***** Data provided *****
(* In any $\{K_3,K_4\}$-decomposition of $K_{18}$ with $\alpha=11$, every vertex $x$ of $K_{18}$ satisfies $\alpha_x\in\{1,4\}$.
   Context: A $\{K_3,K_4\}$-decomposition of $K_v$ is a collection of subgraphs, each isomorphic to $K_3$ or $K_4$ (triples and quadruples), such that every edge of $K_v$ lies in exactly one of them. $\alpha$ is the number of copies of $K_3$ in the decomposition, and for a vertex $x$, $\alpha_x$ is the number of copies of $K_3$ in the decomposition containing $x$. *)

From mathcomp Require Import all_boot.
Set Implicit Arguments. Unset Strict Implicit. Unset Printing Implicit Defensive.

(* A {K3,K4}-decomposition of K_v, vertices 'I_v: a set D of blocks (vertex
   sets of the copies of K3 / K4), each of size 3 or 4, such that every edge
   {x,y} (x != y) of K_v lies in exactly one block. *)
Definition K34_decomposition (v : nat) (D : {set {set 'I_v}}) : Prop :=
  (forall B, B \in D -> (#|B| == 3) || (#|B| == 4)) /\
  (forall x y : 'I_v, x != y -> #|[set B in D | (x \in B) && (y \in B)]| = 1).

Definition alpha (v : nat) (D : {set {set 'I_v}}) : nat :=
  #|[set B in D | #|B| == 3]|.

Definition alpha_at (v : nat) (D : {set {set 'I_v}}) (x : 'I_v) : nat :=
  #|[set B in D | (#|B| == 3) && (x \in B)]|.

From mathcomp Require Import all_boot zify.

Set Implicit Arguments. Unset Strict Implicit. Unset Printing Implicit Defensive.

(* Counting the edges at a vertex y gives 2 alpha_y + 3 q_y = 17, where q_y
   is the number of quadruples through y, so alpha_y is 1, 4 or 7 and is
   always 1 mod 3.  Suppose alpha_x = 7; then q_x = 1 and only 4 triples miss
   x.  Let e_y be the number of those triples through y and n_y the number of
   quadruples through x and y.  Since alpha_y = e_y + 1 - n_y is 1 mod 3 for
   y <> x, either e_y <= n_y or e_y >= 3, and two of the four triples share at
   most one vertex, so e_y >= 3 happens for at most one y.  Hence
   12 = sum e_y <= 4 + sum n_y = 4 + 4 q_x = 8, a contradiction. *)

Lemma sum_le_one_exception (I : finType) (f g : I -> nat) (c : nat) :
  (forall i, f i <= c) ->
  (forall i j, g i < f i -> g j < f j -> i = j) ->
  \sum_i f i <= c + \sum_i g i.
Proof.
move=> f_le_c exc_uniq.
have f_le_g i0 i : i != i0 -> g i0 < f i0 -> f i <= g i.
  move=> neq_i exc_i0; rewrite leqNgt; apply/negP => exc_i.
  by move: neq_i; rewrite (exc_uniq _ _ exc_i exc_i0) eqxx.
case: (pickP (fun i => g i < f i)) => [i0 exc_i0 | no_exc].
  rewrite (bigD1 i0) //= [X in _ <= _ + X](bigD1 i0) //=.
  apply: leq_add; first exact: f_le_c.
  apply: leq_trans (leq_addl _ _).
  by apply: leq_sum => i neq_i; apply: f_le_g neq_i exc_i0.
apply: leq_trans (leq_addl _ _); apply: leq_sum => i _.
by rewrite leqNgt no_exc.
Qed.

Section BlockCounting.
Variables (T : finType) (D : {set {set T}}).

Definition nblocks (P : pred {set T}) : nat := #|[set B in D | P B]|.

Lemma nblocksE P : nblocks P = \sum_(B in D) P B.
Proof.
rewrite /nblocks -sum1_card big_mkcond [RHS]big_mkcond /=.
by apply: eq_bigr => B _; rewrite inE; case: (B \in D); case: (P B).
Qed.

Lemma sum_nblocks_through P :
  \sum_y nblocks (fun B => P B && (y \in B)) = \sum_(B in D) P B * #|B|.
Proof.
under eq_bigr do rewrite nblocksE.
rewrite exchange_big /=; apply: eq_bigr => B _.
rewrite -sum1_card big_distrr /= [RHS]big_mkcond /=.
by apply: eq_bigr => y _; case: (P B); case: (y \in B).
Qed.

End BlockCounting.

Section K34Decomposition.
Variables (v : nat) (D : {set {set 'I_v}}).
Hypothesis decD : K34_decomposition D.

Definition quad_at x := nblocks D (fun B => (#|B| == 4) && (x \in B)).
Definition quad_at2 x y := nblocks D (fun B => (#|B| == 4) && (x \in B) && (y \in B)).
Definition triples_missing x := nblocks D (fun B => (#|B| == 3) && (x \notin B)).
Definition triples_missing_at x y :=
  nblocks D (fun B => (#|B| == 3) && (x \notin B) && (y \in B)).

Lemma alpha_atE x : alpha_at D x = nblocks D (fun B => (#|B| == 3) && (x \in B)).
Proof. by []. Qed.

Lemma alphaE : alpha D = nblocks D (fun B => #|B| == 3).
Proof. by []. Qed.

Lemma block_size B : B \in D -> #|B| = 3 \/ #|B| = 4.
Proof. by case: decD => sizeD _ /sizeD /orP[] /eqP ->; [left | right]. Qed.

Lemma nblocks_pair x y : x != y -> nblocks D (fun B => (x \in B) && (y \in B)) = 1.
Proof. by case: decD => _; apply. Qed.

Lemma vertex_degree x : 2 * alpha_at D x + 3 * quad_at x = v.-1.
Proof.
have := sum_nblocks_through D (fun B => x \in B).
rewrite (bigD1 x) //= (eq_bigr (fun _ => 1)); last first.
  by move=> y; rewrite eq_sym => /nblocks_pair.
rewrite sum1_card cardC1 card_ord.
have -> : \sum_(B in D) (x \in B) * #|B| =
    nblocks D (fun B => (x \in B) && (x \in B)) + (2 * alpha_at D x + 3 * quad_at x).
  rewrite alpha_atE /quad_at !nblocksE !big_distrr -!big_split /=.
  by apply: eq_bigr => B /block_size [] ->; case: (x \in B).
by move/addnI.
Qed.

Lemma alpha_at_mod3 : 3 %| v -> forall y, alpha_at D y = 1 %[mod 3].
Proof. by move=> dvd3v y; have := vertex_degree y; have := ltn_ord y; lia. Qed.

Lemma alpha_at_add_triples_missing x : alpha_at D x + triples_missing x = alpha D.
Proof.
rewrite alpha_atE alphaE /triples_missing !nblocksE -big_split /=.
by apply: eq_bigr => B _; case: (#|B| == 3); case: (x \in B).
Qed.

Lemma alpha_at_add_quad_at2 x y :
  x != y -> alpha_at D y + quad_at2 x y = triples_missing_at x y + 1.
Proof.
move/nblocks_pair => <-.
rewrite alpha_atE /quad_at2 /triples_missing_at !nblocksE -!big_split /=.
by apply: eq_bigr => B /block_size [] ->; case: (x \in B); case: (y \in B).
Qed.

Lemma quad_at2_le1 x y : x != y -> quad_at2 x y <= 1.
Proof.
move/nblocks_pair => <-; rewrite /quad_at2 !nblocksE.
by apply: leq_sum => B _; case: (#|B| == 4); case: (x \in B); case: (y \in B).
Qed.

Lemma triples_missing_at_le x y : triples_missing_at x y <= triples_missing x.
Proof.
rewrite /triples_missing_at /triples_missing !nblocksE.
by apply: leq_sum => B _; case: (#|B| == 3); case: (x \in B); case: (y \in B).
Qed.

Lemma triples_missing_at_self x : triples_missing_at x x = 0.
Proof.
by rewrite /triples_missing_at nblocksE big1 // => B _; case: (x \in B); rewrite ?andbF.
Qed.

Lemma triples_missing_at_pair x y z : y != z ->
  triples_missing_at x y + triples_missing_at x z <= triples_missing x + 1.
Proof.
move/nblocks_pair => <-.
rewrite /triples_missing_at /triples_missing !nblocksE -!big_split /=.
apply: leq_sum => B _.
by case: (#|B| == 3); case: (x \in B); case: (y \in B); case: (z \in B).
Qed.

Lemma sum_triples_missing_at x : \sum_y triples_missing_at x y = 3 * triples_missing x.
Proof.
rewrite sum_nblocks_through /triples_missing nblocksE big_distrr /=.
by apply: eq_bigr => B _; case: eqP => [->|_] //; exact: mulnC.
Qed.

Lemma sum_quad_at2 x : \sum_y quad_at2 x y = 4 * quad_at x.
Proof.
rewrite sum_nblocks_through /quad_at nblocksE big_distrr /=.
by apply: eq_bigr => B _; case: eqP => [->|_] //; exact: mulnC.
Qed.

Lemma triples_missing_le_quad x :
  (forall y, alpha_at D y = 1 %[mod 3]) ->
  triples_missing x <= 4 -> triples_missing x <= 2 * quad_at x.
Proof.
move=> alpha_mod3 missing_le4.
have large y : quad_at2 x y < triples_missing_at x y -> 3 <= triples_missing_at x y.
  have [<-|neq_xy] := eqVneq x y; first by rewrite triples_missing_at_self.
  have := alpha_at_add_quad_at2 neq_xy; have := quad_at2_le1 neq_xy.
  by have := alpha_mod3 y; lia.
have unique_large y z : quad_at2 x y < triples_missing_at x y ->
    quad_at2 x z < triples_missing_at x z -> y = z.
  move=> /large large_y /large large_z; case: (eqVneq y z) => // neq_yz.
  by have := triples_missing_at_pair x neq_yz; lia.
have := sum_le_one_exception (triples_missing_at_le x) unique_large.
by rewrite sum_triples_missing_at sum_quad_at2; lia.
Qed.

End K34Decomposition.

Theorem mainTheorem6 (D : {set {set 'I_18}}) :
  K34_decomposition D -> alpha D = 11 ->
  forall x : 'I_18, (alpha_at D x = 1) \/ (alpha_at D x = 4).
Proof.
move=> decD alphaD x.
have := vertex_degree decD x.
have := alpha_at_add_triples_missing D x.
have := triples_missing_le_quad (x := x) decD (alpha_at_mod3 decD isT).
lia.
Qed.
*****
Work instruction: Reproduce exactly the lines of the records above from the one with "under eq_bigr do rewrite nblocksE." to the one with "Definition quad_at x", both included, and leave out everything else.

Finished task:
under eq_bigr do rewrite nblocksE.
rewrite exchange_big /=; apply: eq_bigr => B _.
rewrite -sum1_card big_distrr /= [RHS]big_mkcond /=.
by apply: eq_bigr => y _; case: (P B); case: (y \in B).
Qed.

End BlockCounting.

Section K34Decomposition.
Variables (v : nat) (D : {set {set 'I_v}}).
Hypothesis decD : K34_decomposition D.

Definition quad_at x := nblocks D (fun B => (#|B| == 4) && (x \in B)).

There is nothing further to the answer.